Recommendations Rwanda:

  • Review the PBF system in Rwanda and adapt it to become more in line with international best practices and innovations.
  • Increase the PBF budget from the current USD 2 per capita per year to USD 5. This can be done first of all by transforming inefficient government input budget lines (= in-kind financing) into output- or PBF funding. Studies showed that US $ 4 invested in inputs equals US $ 1 invested in PBF. Moreover, partner funds can also be used more efficiently by transforming input budget lines into PBF lines;
  • Promote free competition whereby health facilities area lowed to purchase their medicines, equipment, and other medical consumables from different distributing operating in competition;
  • Make health facilities more autonomous for the recruitment, application of sanctions and even dismissal staff in case of need;
  • Introduce the PBF system also among private (for profit) health facilities in order to benefit from their comparative advantages. The government should therefore also develop contracts and pay PBF subsidies to private health facilities with the aims to achieve government objectives and to improve their quality of care.

8. Education in the Central African Republic

CAR’s education system has been paralyzed during the past two decades due to recurrent political and military crises. School indicators are poor with the primary school enrollment rate for girls of only 55% and 71% for boys. Cordaid introduced PBF in the education sector since 2008 and this has produced good results. The government declared PBF as their national policy.
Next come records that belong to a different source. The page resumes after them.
Lemma twist_hom_at t : hom_at f x t -> twist t = t.
Proof. intro H. unfold twist. rewrite H, mulKg. apply preimage_f. Qed.

Lemma twist_not_hom_at t : ~ hom_at f x t -> twist t = t^-1.
Proof.
  intro H. unfold twist. rewrite (not_hom_at_mul Hf x t H), mulKg, <- (signed_aut_invg Hf).
  apply preimage_f.
Qed.
End Twist.

Section HomPartners.
Context {G : Grp} {f : G -> G} (Hf : signed_aut f).

Lemma hom_partner_relation x y g :
  ~ hom_at f x y -> hom_at f x g -> x * g <> g * x ->
  y * g * y = g \/ (g * g = 1 /\ x * g * x^-1 = y * g * y^-1).
Proof.
  intros Hy Hg Hnc.
  (* The twist at [x] inverts [y] and fixes [g]; compare its value on [y * g]. *)
  assert (Hcases := signed_aut_mul_cases (twist_signed_aut Hf x) y g).
  rewrite (twist_not_hom_at Hf x y Hy), (twist_hom_at Hf x g Hg) in Hcases.
  destruct (classic (hom_at f x (y * g))) as [Hyg|Hyg].
  - rewrite (twist_hom_at Hf x _ Hyg) in Hcases. destruct Hcases as [E|E].
    + exfalso. apply mulIg in E. apply (not_hom_at_sq Hf x y Hy), involution_invg.
      now symmetry.
    + left. rewrite E. now gsimpl.
  - rewrite (twist_not_hom_at Hf x _ Hyg), invMg in Hcases.
    assert (Cy := quat_pair_conjl (not_hom_at_quat Hf x y Hy)).
    assert (Cyg := quat_pair_conjl (not_hom_at_quat Hf x _ Hyg)).
    assert (Hxg : x * g * x^-1 = y * g^-1 * y^-1).
    { transitivity (y * ((x * y * x^-1) * (x * g * x^-1))); [rewrite Cy; now gsimpl|].
      transitivity (y * (x * (y * g) * x^-1)); [now gsimpl|].
      rewrite Cyg. now gsimpl. }
    destruct Hcases as [E|E].
    + exfalso. apply Hnc.
      assert (H : x * g * x^-1 = g) by (rewrite Hxg; lmul y in E; gsimpl; exact E).
      now rmul x in H.
    + apply mulIg in E. right. split; [now apply involution_invg|].
      now rewrite Hxg, E.
Qed.

Lemma hom_partner_commute_noninvolution x y g :
  ~ hom_at f x y -> hom_at f x g -> g * g <> 1 -> x * g = g * x.
Proof.
  intros Hy Hg Hgg. apply NNPP. intro Hnc.
  destruct (hom_partner_relation x y g Hy Hg Hnc) as [D1|[D1 _]]; [|contradiction].
  destruct (hom_partner_relation x (x * y) g (not_hom_at_mulr Hf x y Hy) Hg Hnc)
    as [D2|[D2 _]]; [|contradiction].
  assert (E : y^-1 * x * y * g * x * y = g * y).
  { transitivity (y^-1 * (x * y * g * (x * y))); [now gsimpl|].
    rewrite D2, <- D1 at 1. now gsimpl. }
  rewrite (quat_pair_conjr (not_hom_at_quat Hf x y Hy)) in E.
  rmul y^-1 in E. lmul x in E. apply Hnc. now symmetry.
Qed.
Yet despite this political will, the funding of around USD 20 million per year to cover the entire country has not yet been mobilized.

Since 2017, Cordaid has also tested two PBF approaches: 1. One for a stable zone (Nana Mambéré) where “pure” PBF is applied and; 2. Another for a non-stable area (Ouham Pendé) where a mixed approach is applied of PBF with inputs.

The PBF purity score produced by the CAR participants Cotonou for their education program is 48%.

Recommendations CAR education

To the government

  • Increase the number of student teachers in training institutes ;
  • Open PBF lines in the government budget for the schools and increase the amount ;
  • Provide opportunities for private partners to establish teacher training institutes and support them in the same way as public schools;
  • Apply a more equitable distribution of qualified teachers in schools nationwide ;
  • Update the general mapping of schools, especially at the primary level.

To those actors, who implement the PBF approach

  • Give basic knowledge to all field managers regarding PBF ;
  • Give autonomy to the community for the realization of construction activities at the local level.

At schools

  • Establish transparent management by using the indices management tool for the mobilization and motivation of the teachers ;
  • Adopt new rules for financial management also of the resources generated by the schools.